= YOUR ASSIGNMENT =
Start at the line below containing "Lemma qeq_equiv : Equivalence qeq." and stop at the line containing "by rewrite !(qzero_at (maxn a.1 b.1)) ab.". Repeat every line of that stretch exactly, and nothing outside it.

================================

(* Rewrites every [qeq] and [qmul] in sight at the common level [N], leaving
   identities between polynomials. *)
Ltac at_level N :=
  repeat match goal with
  | H : qeq ?a ?b |- _ => move: H; rewrite (@qeq_at N a b) /=; [move=> H | lia | lia]
  end;
  try match goal with |- qeq ?a ?b => rewrite (@qeq_at N a b) /=; [ | lia | lia] end;
  repeat match goal with
  | H : context [qat N (qmul ?a ?b)] |- _ =>
      rewrite (@qat_mul N a b) /= in H; [ | lia | lia]
  | |- context [qat N (qmul ?a ?b)] => rewrite (@qat_mul N a b) /=; [ | lia | lia]
  | H : context [qat N qone] |- _ => rewrite qat_one in H
  | |- context [qat N qone] => rewrite qat_one
  | H : context [qat N (N, ?p)] |- _ => rewrite qat_pair in H
  | |- context [qat N (N, ?p)] => rewrite qat_pair
  end.

Lemma qeq_equiv : Equivalence qeq.
Proof.
split=> [a | a b | a b c]; first by [].
  by rewrite /qeq maxnC => ->.
by move=> ab bc; at_level (maxn a.1 (maxn b.1 c.1)); rewrite ab bc.
Qed.

Lemma qmul_proper : Proper (qeq ==> qeq ==> qeq) qmul.
Proof.
move=> a a' aa' b b' bb'; at_level (maxn (maxn a.1 a'.1) (maxn b.1 b'.1)).
by rewrite aa' bb'.
Qed.

Lemma qzero_proper : Proper (qeq ==> iff) qzero.
Proof.
move=> a b ab; at_level (maxn a.1 b.1).
by rewrite !(qzero_at (maxn a.1 b.1)) ab.
Qed.

Lemma qmulC a b : qeq (qmul a b) (qmul b a).
Proof. by at_level (maxn a.1 b.1); rewrite mulrC. Qed.

Lemma qmulA a b c : qeq (qmul a (qmul b c)) (qmul (qmul a b) c).
Proof. by at_level (maxn a.1 (maxn b.1 c.1)); rewrite mulrA. Qed.

Lemma qmul1 a : qeq (qmul qone a) a.
Proof. by at_level a.1; rewrite mul1r. Qed.

Lemma qzero_mull a b : qzero a -> qzero (qmul a b).
Proof.
rewrite !(qzero_at (maxn a.1 b.1)) qat_mul ?leq_maxl ?leq_maxr // => ->.
by rewrite mul0r.
Qed.

Lemma qmulI a b c : ~ qzero a -> qeq (qmul a b) (qmul a c) -> qeq b c.
Proof.
rewrite (qzero_at (maxn a.1 (maxn b.1 c.1))) => /eqP a0 abc.
by at_level (maxn a.1 (maxn b.1 c.1)); apply: mulfI abc.
Qed.

Lemma qunit_const a : qunit a -> exists2 c, c != 0 & a.2 = c%:P.
Proof.
case=> w aw; at_level (maxn a.1 w.1).
have /size_poly1P [c c0 ac] : size (qat (maxn a.1 w.1) a) == 1%N.
  have : qat (maxn a.1 w.1) a \is a GRing.unit.
    by apply/unitrPr; exists (qat (maxn a.1 w.1) w).
  by rewrite poly_unitE => /andP [].
by exists c => //; apply: (@qlift_inj (maxn a.1 w.1 - a.1)); rewrite qliftC.
Qed.

Lemma qdvd_of_dvdp N a b : (a.1 <= N)%N -> (b.1 <= N)%N ->
  qat N a %| qat N b -> qdvd a b.
Proof.
move=> aN bN /dvdpP [q bqa]; exists (N, q).
by rewrite (@qeq_at N) ?qat_mul ?qat_pair ?bqa 1?mulrC //= geq_max aN leqnn.
Qed.

Lemma qirreducible_prime a b c :
  qirreducible a -> qdvd a (qmul b c) -> qdvd a b \/ qdvd a c.
Proof.
move=> [_ [_ a_irr]] [k ak].
pose N := maxn (maxn a.1 b.1) (maxn c.1 k.1).
have ABC : qat N a %| qat N b * qat N c.
  by at_level N; apply/dvdpP; exists (qat N k); rewrite -ak mulrC.
set A := qat N a in ABC *; set B := qat N b in ABC *.
(* With [G] the gcd of [A] and [B], irreducibility of [a = (A %/ G) * G]
   forces one of the two factors to be a nonzero constant. *)
set G := gcdp A B.
have : qeq a (qmul (N, A %/ G) (N, G)) by at_level N; rewrite divpK ?dvdp_gcdl.
case/a_irr => /qunit_const [u u0 /= uE].
  left; apply: (@qdvd_of_dvdp N); rewrite ?leq_max ?leqnn ?orbT //.
  by rewrite -/A -/B -(divpK (dvdp_gcdl A B)) -/G uE mul_polyC dvdpZl // dvdp_gcdr.
right; apply: (@qdvd_of_dvdp N); rewrite ?leq_max ?leqnn ?orbT //.
have AB : coprimep A B by rewrite /coprimep -/G uE size_polyC u0.
by rewrite -(Gauss_dvdpr _ AB).
Qed.
Definition first_category (A : X -> Prop) : Prop :=
  exists B : nat -> X -> Prop,
    (forall n, nowhere_dense (B n)) /\ (forall x, A x -> exists n, B n x).

Inductive borel : (X -> Prop) -> Prop :=
| borel_open U : is_open U -> borel U
| borel_compl A : borel A -> borel (fun x => ~ A x)
| borel_union (A : nat -> X -> Prop) :
    (forall n, borel (A n)) -> borel (fun x => exists n, A n x).

Definition borel_prob_measure (mu : (X -> Prop) -> R) : Prop :=
  (forall A B, (forall x, A x <-> B x) -> mu A = mu B) /\
  (forall A, borel A -> 0 <= mu A) /\
  mu (fun _ => True) = 1 /\
  (forall A : nat -> X -> Prop,
     (forall n, borel (A n)) ->
     (forall n m x, n <> m -> A n x -> A m x -> False) ->
     infinite_sum (fun n => mu (A n)) (mu (fun x => exists n, A n x))).

Variable T : X -> X.

Definition invariant_measure (mu : (X -> Prop) -> R) : Prop :=
  borel_prob_measure mu /\ forall A, borel A -> mu (fun x => A (T x)) = mu A.

(* supp(X,T) = {x0}: {x0} is the smallest closed set of full measure for
   every T-invariant Borel probability measure *)
Definition supp_is_singleton_at (x0 : X) : Prop :=
  (is_closed (fun x => x = x0) /\
   forall mu, invariant_measure mu -> mu (fun x => x = x0) = 1) /\
  (forall C, is_closed C -> (forall mu, invariant_measure mu -> mu C = 1) -> C x0).

Definition supp_singleton : Prop := exists x0, supp_is_singleton_at x0.

Definition continuous_map : Prop :=
  forall x eps, eps > 0 -> exists delta, delta > 0 /\
    forall y, d x y < delta -> d (T x) (T y) < eps.

Definition TDS : Prop :=
  inhabited X /\ is_metric /\ compact_space /\ continuous_map.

================================

= TASK ANSWER =
Lemma qeq_equiv : Equivalence qeq.
Proof.
split=> [a | a b | a b c]; first by [].
  by rewrite /qeq maxnC => ->.
by move=> ab bc; at_level (maxn a.1 (maxn b.1 c.1)); rewrite ab bc.
Qed.

Lemma qmul_proper : Proper (qeq ==> qeq ==> qeq) qmul.
Proof.
move=> a a' aa' b b' bb'; at_level (maxn (maxn a.1 a'.1) (maxn b.1 b'.1)).
by rewrite aa' bb'.
Qed.

Lemma qzero_proper : Proper (qeq ==> iff) qzero.
Proof.
move=> a b ab; at_level (maxn a.1 b.1).
by rewrite !(qzero_at (maxn a.1 b.1)) ab.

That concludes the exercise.